Earlier this year, members of Omega, the legendary Hungarian rock group were recognized in Russia for the role they played decades ago. In a recent issue of Diplomacy & Trade, two members, János Kóbor and László Benkõ talked about how surprised they were to learn about this honor.
The recognition was initiated pope Sergiy of a Moscow monastery who himself was a rock musician in the 1970s. He took the opportunity to award the favorite band of his youth when Omega played in Moscow for the first time in May this year. János Kóbor, the singer of the band, was honored with the Grand Cross Order of Merit of the Russian Orthodox Church while the other members of the group were given the Grand Duke Mikhail Aleksandrovich Romanov Commemorative Medal.
“We were an awfully popular band in the Soviet Union, right after groups like the Beatles and the Rolling Stones,” János Kóbor recalls to Diplomacy & Trade. “Our albums sold like hot cakes but were considered the too liberal by the authorities and we were not allowed to hold concerts in the country. Later, times and politics changed but it was only in the spring of this year that finally, we could appear on stage there.” The day after the concert, they were advised – by people who know Moscow traffic all too well – to leave for the airport early. Members of the group were already on the bus when they were reminded that they were expected in a local monastery, which was actually on the way to the airport.
“We were given a pompous reception in the ceremonial hall of the monastery. To my astonishment, I was given the highest Orthodox Church distinction that a layman can receive,” Kóbor continues. The Grand Cross Order of Merit was handed over by Metropolitan Hilarion Alfeyev, the chairman of the Department of the External Church Relations who flew to Moscow from the United States just for this occasion. “I’m not a religious person but this was a moving ceremony,” he adds.
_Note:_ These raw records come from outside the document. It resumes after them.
(* For all $\Sigma\subseteq\mathsf{FOR}$ and $\varphi\in\mathsf{FOR}$: $\Sigma\vdash_{\mathcal{F}S}\varphi$ if and only if $\Sigma\vDash_{\mathsf{R}^s}\varphi$, where $\mathsf{R}^s$ is the set of all symmetric Epstein relations. In particular every theorem of $\mathcal{F}S$ is valid on every symmetric relation.
   Context: Language: propositional letters $\Phi=\{p_0,p_1,\dots\}$; connectives $\neg$, $\lor,\wedge,\to,\leftrightarrow,\vartriangle,\looparrowright$; $\mathsf{FOR}$ the set of all formulas. An Epstein model is $\langle v,\mathfrak{R}\rangle$ with $v:\Phi\to\{0,1\}$ and $\mathfrak{R}\subseteq\mathsf{FOR}^2$ (an Epstein relation); truth: letters via $v$, boolean connectives classical, $\langle v,\mathfrak{R}\rangle\vDash\varphi\vartriangle\psi$ iff both true and $\langle\varphi,\psi\rangle\in\mathfrak{R}$; $\langle v,\mathfrak{R}\rangle\vDash\varphi\looparrowright\psi$ iff $\varphi\to\psi$ true and $\langle\varphi,\psi\rangle\in\mathfrak{R}$. For a set $\mathsf{R}$ of relations, $\Sigma\vDash_{\mathsf{R}}\varphi$ iff for every $\mathfrak{R}\in\mathsf{R}$ and every valuation $v$, if $\langle v,\mathfrak{R}\rangle$ satisfies all of $\Sigma$ then it satisfies $\varphi$. $\mathcal{F}$ is the least set containing all classical tautologies of the language (substitution instances of propositional tautologies) and the axioms $(p\looparrowright q)\to(p\to q)$ and $(p\vartriangle q)\leftrightarrow((p\looparrowright q)\wedge(p\wedge q))$, closed under uniform substitution and modus ponens. $\mathcal{F}S$ is the least set containing $\mathcal{F}$ and the axiom $(s)\ (p\looparrowright q)\to((q\looparrowright p)\lor\neg(q\to p))$ ($p,q$ distinct letters), closed under uniform substitution and modus ponens. $\Sigma\vdash_{\mathcal{F}S}\varphi$ iff there is a finite sequence ending in $\varphi$ each member of which is in $\mathcal{F}S\cup\Sigma$ or follows from two earlier members by modus ponens. *)

From Stdlib Require Import List Arith.
Import ListNotations.

Inductive form : Type :=
| Var : nat -> form
| Neg : form -> form
| Or  : form -> form -> form
| And : form -> form -> form
| Imp : form -> form -> form
| Iff : form -> form -> form
| Tri : form -> form -> form
| Loop : form -> form -> form.

Definition relation := form -> form -> Prop.

Definition symmetric_rel (R : relation) : Prop :=
  forall phi psi, R phi psi -> R psi phi.

Fixpoint sat (v : nat -> bool) (R : relation) (f : form) : Prop :=
  match f with
  | Var n => v n = true
  | Neg a => ~ sat v R a
  | Or a b => sat v R a \/ sat v R b
  | And a b => sat v R a /\ sat v R b
  | Imp a b => sat v R a -> sat v R b
  | Iff a b => (sat v R a <-> sat v R b)
  | Tri a b => sat v R a /\ sat v R b /\ R a b
  | Loop a b => (sat v R a -> sat v R b) /\ R a b
  end.

Definition consequence (Rset : relation -> Prop) (Sigma : form -> Prop) (phi : form) : Prop :=
  forall R, Rset R -> forall v : nat -> bool,
    (forall s, Sigma s -> sat v R s) -> sat v R phi.

Definition Rs : relation -> Prop := symmetric_rel.

Fixpoint subst (s : nat -> form) (f : form) : form :=
  match f with
  | Var n => s n
  | Neg a => Neg (subst s a)
  | Or a b => Or (subst s a) (subst s b)
  | And a b => And (subst s a) (subst s b)
  | Imp a b => Imp (subst s a) (subst s b)
  | Iff a b => Iff (subst s a) (subst s b)
  | Tri a b => Tri (subst s a) (subst s b)
  | Loop a b => Loop (subst s a) (subst s b)
  end.

Fixpoint boolean (f : form) : Prop :=
  match f with
  | Var _ => True
  | Neg a => boolean a
  | Or a b | And a b | Imp a b | Iff a b => boolean a /\ boolean b
  | Tri _ _ | Loop _ _ => False
  end.

Fixpoint beval (v : nat -> bool) (f : form) : bool :=
  match f with
  | Var n => v n
  | Neg a => negb (beval v a)
  | Or a b => beval v a || beval v b
  | And a b => beval v a && beval v b
  | Imp a b => implb (beval v a) (beval v b)
  | Iff a b => Bool.eqb (beval v a) (beval v b)
  | Tri _ _ | Loop _ _ => false
  end.

Definition prop_tautology (f : form) : Prop :=
  boolean f /\ forall v, beval v f = true.

Definition classical_tautology (f : form) : Prop :=
  exists t s, prop_tautology t /\ f = subst s t.

Definition p : form := Var 0.
Definition q : form := Var 1.

Definition axF1 : form := Imp (Loop p q) (Imp p q).
Definition axF2 : form := Iff (Tri p q) (And (Loop p q) (And p q)).
Definition axS : form := Imp (Loop p q) (Or (Loop q p) (Neg (Imp q p))).

Inductive inF : form -> Prop :=
| F_taut : forall f, classical_tautology f -> inF f
| F_ax1 : inF axF1
| F_ax2 : inF axF2
| F_subst : forall s f, inF f -> inF (subst s f)
| F_mp : forall a b, inF (Imp a b) -> inF a -> inF b.

Inductive inFS : form -> Prop :=
| FS_F : forall f, inF f -> inFS f
| FS_s : inFS axS
| FS_subst : forall s f, inFS f -> inFS (subst s f)
| FS_mp : forall a b, inFS (Imp a b) -> inFS a -> inFS b.

Definition is_derivation (Sigma : form -> Prop) (l : list form) : Prop :=
  forall i, i < length l ->
    let x := nth i l (Var 0) in
    inFS x \/ Sigma x \/
    exists j k, j < i /\ k < i /\ nth k l (Var 0) = Imp (nth j l (Var 0)) x.

Definition derivable_FS (Sigma : form -> Prop) (phi : form) : Prop :=
  exists l, is_derivation Sigma (l ++ [phi]).

(* Soundness is an induction on derivations; for axiom (s) symmetry of the
   relation is exactly what is needed.  For completeness, extend a set Sigma
   not proving phi to a maximal such set G (Lindenbaum).  G is a theory that
   decides every formula, and in the model whose valuation is membership of
   letters in G and whose relation is
     R_G a b  :=  (a ~> b) \in G  \/  (b ~> a) \in G
   (symmetric by construction) truth coincides with membership in G.  The only
   nontrivial clause is the one for ~>, where axiom (s) shows that
   (b ~> a) \in G together with (a -> b) \in G already forces (a ~> b) \in G.
   So G, hence Sigma, holds in a symmetric model where phi fails. *)
From Stdlib Require Import List Arith Lia Classical ClassicalEpsilon.
Import ListNotations.

Definition holds (P : Prop) : bool :=
  if excluded_middle_informative P then true else false.

Lemma holds_true (P : Prop) : holds P = true <-> P.
Proof.
  unfold holds; destruct (excluded_middle_informative P); split; intros; tauto || discriminate.
Qed.

(** * Soundness *)

Lemma sat_subst (s : nat -> form) v (R : relation) f :
  sat v R (subst s f) <->
  sat (fun n => holds (sat v R (s n))) (fun a b => R (subst s a) (subst s b)) f.
Proof.
  induction f; simpl; rewrite ?IHf, ?IHf1, ?IHf2, ?holds_true; tauto.
Qed.

Lemma sat_boolean v (R : relation) t : boolean t -> (sat v R t <-> beval v t = true).
Proof.
  induction t; simpl; intros Ht; try tauto;
    rewrite ?IHt, ?IHt1, ?IHt2 by tauto;
    repeat match goal with |- context [beval v ?a] => destruct (beval v a) end;
    simpl; intuition discriminate.
Qed.

Lemma inF_valid f : inF f -> forall (R : relation) v, sat v R f.
Proof.
  induction 1 as [f [t [s [[Ht Hv] ->]]] | | | s f _ IH | a b _ IHab _ IHa];
    intros R v; simpl; try tauto.
  - apply sat_subst, sat_boolean; auto.
  - apply sat_subst, IH.
  - apply IHab, IHa.
Qed.

Lemma inFS_valid f : inFS f -> forall R, symmetric_rel R -> forall v, sat v R f.
Proof.
  induction 1 as [f Hf | | s f _ IH | a b _ IHab _ IHa]; intros R HR v.
  - apply inF_valid; auto.
  - simpl; intros [_ Hpq].
    destruct (classic (v 1 = true -> v 0 = true)); [left | right]; auto.
  - apply sat_subst, IH; intros a b; apply HR.
  - apply (IHab R HR v), IHa; auto.
Qed.

Inductive proves (Sigma : form -> Prop) : form -> Prop :=
| proves_thm f : inFS f -> proves Sigma f
| proves_hyp f : Sigma f -> proves Sigma f
| proves_mp a b : proves Sigma (Imp a b) -> proves Sigma a -> proves Sigma b.

Lemma proves_sound Sigma f : proves Sigma f -> consequence Rs Sigma f.
Proof.
  induction 1 as [f Hf | f Hf | a b _ IHab _ IHa]; intros R HR v HSigma.
  - apply inFS_valid; auto.
  - auto.
  - apply (IHab R HR v HSigma), (IHa R HR v HSigma).
Qed.

Lemma is_derivation_proves Sigma l :
  is_derivation Sigma l -> forall i, i < length l -> proves Sigma (nth i l (Var 0)).
Proof.
  intros Hl i; induction i as [i IH] using lt_wf_ind; intros Hi.
  destruct (Hl i Hi) as [H | [H | [j [k [Hj [Hk E]]]]]].
  - apply proves_thm; auto.
  - apply proves_hyp; auto.
  - apply proves_mp with (nth j l (Var 0)); [rewrite <- E |]; apply IH; lia.
Qed.

Lemma derivable_proves Sigma phi : derivable_FS Sigma phi -> proves Sigma phi.
Proof.
  intros [l Hl].
  pose proof (is_derivation_proves Sigma _ Hl (length l)) as H.
  rewrite app_nth2, Nat.sub_diag in H by lia.
  apply H; rewrite length_app; simpl; lia.
Qed.

Lemma is_derivation_app Sigma l1 l2 :
  is_derivation Sigma l1 -> is_derivation Sigma l2 -> is_derivation Sigma (l1 ++ l2).
Proof.
  intros H1 H2 i Hi; rewrite length_app in Hi.
  destruct (Nat.lt_ge_cases i (length l1)) as [Hi1 | Hi1].
  - rewrite !app_nth1 by auto.
    destruct (H1 i Hi1) as [A | [A | [j [k [Hj [Hk E]]]]]]; auto.
    right; right; exists j, k; rewrite !app_nth1 by lia; auto.
  - rewrite app_nth2 by auto.
    destruct (H2 (i - length l1)) as [A | [A | [j [k [Hj [Hk E]]]]]]; try lia; auto.
    right; right; exists (j + length l1), (k + length l1).
    rewrite !app_nth2, !Nat.add_sub by lia; repeat split; auto; lia.
Qed.

Lemma is_derivation_rcons Sigma l f :
  is_derivation Sigma l ->
  (inFS f \/ Sigma f \/ exists j k, j < length l /\ k < length l /\
                                    nth k l (Var 0) = Imp (nth j l (Var 0)) f) ->
  is_derivation Sigma (l ++ [f]).
Proof.
  intros Hl Hf i Hi; rewrite length_app in Hi; simpl in Hi.
  destruct (Nat.lt_ge_cases i (length l)) as [Hil | Hil].
  - rewrite !app_nth1 by auto.
    destruct (Hl i Hil) as [A | [A | [j [k [Hj [Hk E]]]]]]; auto.
    right; right; exists j, k; rewrite !app_nth1 by lia; auto.
  - replace i with (length l) by lia; rewrite app_nth2, Nat.sub_diag by lia; simpl.
    destruct Hf as [A | [A | [j [k [Hj [Hk E]]]]]]; auto.
    right; right; exists j, k; rewrite !app_nth1 by lia; auto.
Qed.

Lemma is_derivation_nil Sigma : is_derivation Sigma [].
Proof. intros i Hi; simpl in Hi; lia. Qed.

Lemma proves_derivable Sigma phi : proves Sigma phi -> derivable_FS Sigma phi.
Proof.
  induction 1 as [f Hf | f Hf | a b _ [l1 H1] _ [l2 H2]].
  1, 2: exists []; apply is_derivation_rcons; auto using is_derivation_nil.
  exists ((l1 ++ [Imp a b]) ++ (l2 ++ [a])).
  apply is_derivation_rcons; [apply is_derivation_app; auto |].
  right; right; exists (length ((l1 ++ [Imp a b]) ++ l2)), (length l1).
  repeat split; [rewrite !length_app; simpl; lia .. |].
  rewrite app_assoc, nth_middle, <- !app_assoc; simpl.
  rewrite nth_middle; reflexivity.
Qed.

Definition extend (G : form -> Prop) (f : form) : form -> Prop := fun y => G y \/ y = f.

Lemma proves_weaken (G H : form -> Prop) f :
  (forall x, G x -> H x) -> proves G f -> proves H f.
Proof.
  intros GH; induction 1; [apply proves_thm | apply proves_hyp | eapply proves_mp]; eauto.
Qed.

Definition subst3 (a b c : form) : nat -> form :=
  fun n => match n with 0 => a | 1 => b | _ => c end.

Lemma inFS_taut3 t a b c :
  boolean t -> (forall v, beval v t = true) -> inFS (subst (subst3 a b c) t).
Proof.
  intros Ht Hv; apply FS_F, F_taut; exists t, (subst3 a b c); repeat split; auto.
Qed.

Ltac taut t a b c :=
  apply proves_thm; apply (inFS_taut3 t a b c);
  [ simpl; tauto
  | let v := fresh "v" in intro v; simpl; destruct (v 0), (v 1), (v 2); reflexivity ].

Lemma proves_deduction G a b : proves (extend G a) b -> proves G (Imp a b).
Proof.
  induction 1 as [f Hf | f [Hf | ->] | c d _ IHcd _ IHc].
  - eapply proves_mp; [taut (Imp (Var 0) (Imp (Var 1) (Var 0))) f a a | apply proves_thm; auto].
  - eapply proves_mp; [taut (Imp (Var 0) (Imp (Var 1) (Var 0))) f a a | apply proves_hyp; auto].
  - taut (Imp (Var 0) (Var 0)) a a a.
  - eapply proves_mp; [eapply proves_mp; [| exact IHcd] | exact IHc].
    taut (Imp (Imp (Var 0) (Imp (Var 1) (Var 2)))
              (Imp (Imp (Var 0) (Var 1)) (Imp (Var 0) (Var 2)))) a c d.
Qed.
At the ceremony, pope Sergiy said Omega was a symbol of freedom for the youth in the Soviet Union and greatly contributed – especially singer János Kóbor with his long fair hair and emblematic figure – to the strengthening of relations between the two peoples. The pope added that this distinction was a late expression of appreciation for what Omega did in the 1970s.
This church distinction could not come at a better time for the band whose members – being around 70 years old – are considering launching an oratory-like Omega production that they plan to perform in churches to utilize their great acoustics and ambience. The premier of this series is planned to be held in the cathedral in Szeged, SE Hungary on December 1st this year.
The band’s keyboardist, László Benkõ agrees that it was a great honor to receive this distinction and a great surprise. “We knew that Omega had a big impact to young people in the Soviet Union but we were not aware of its extent. Basically, many youngsters in the Soviet Union learned about the sense of freedom from our songs and we are happy to realize that even now in hindsight as we were reminded by the words of pope Sergiy.” He adds that it was a great experience for the band to realize at the concert this May that most of the audience were actually aware of what the songs were about – so strong were the memories from decades ago.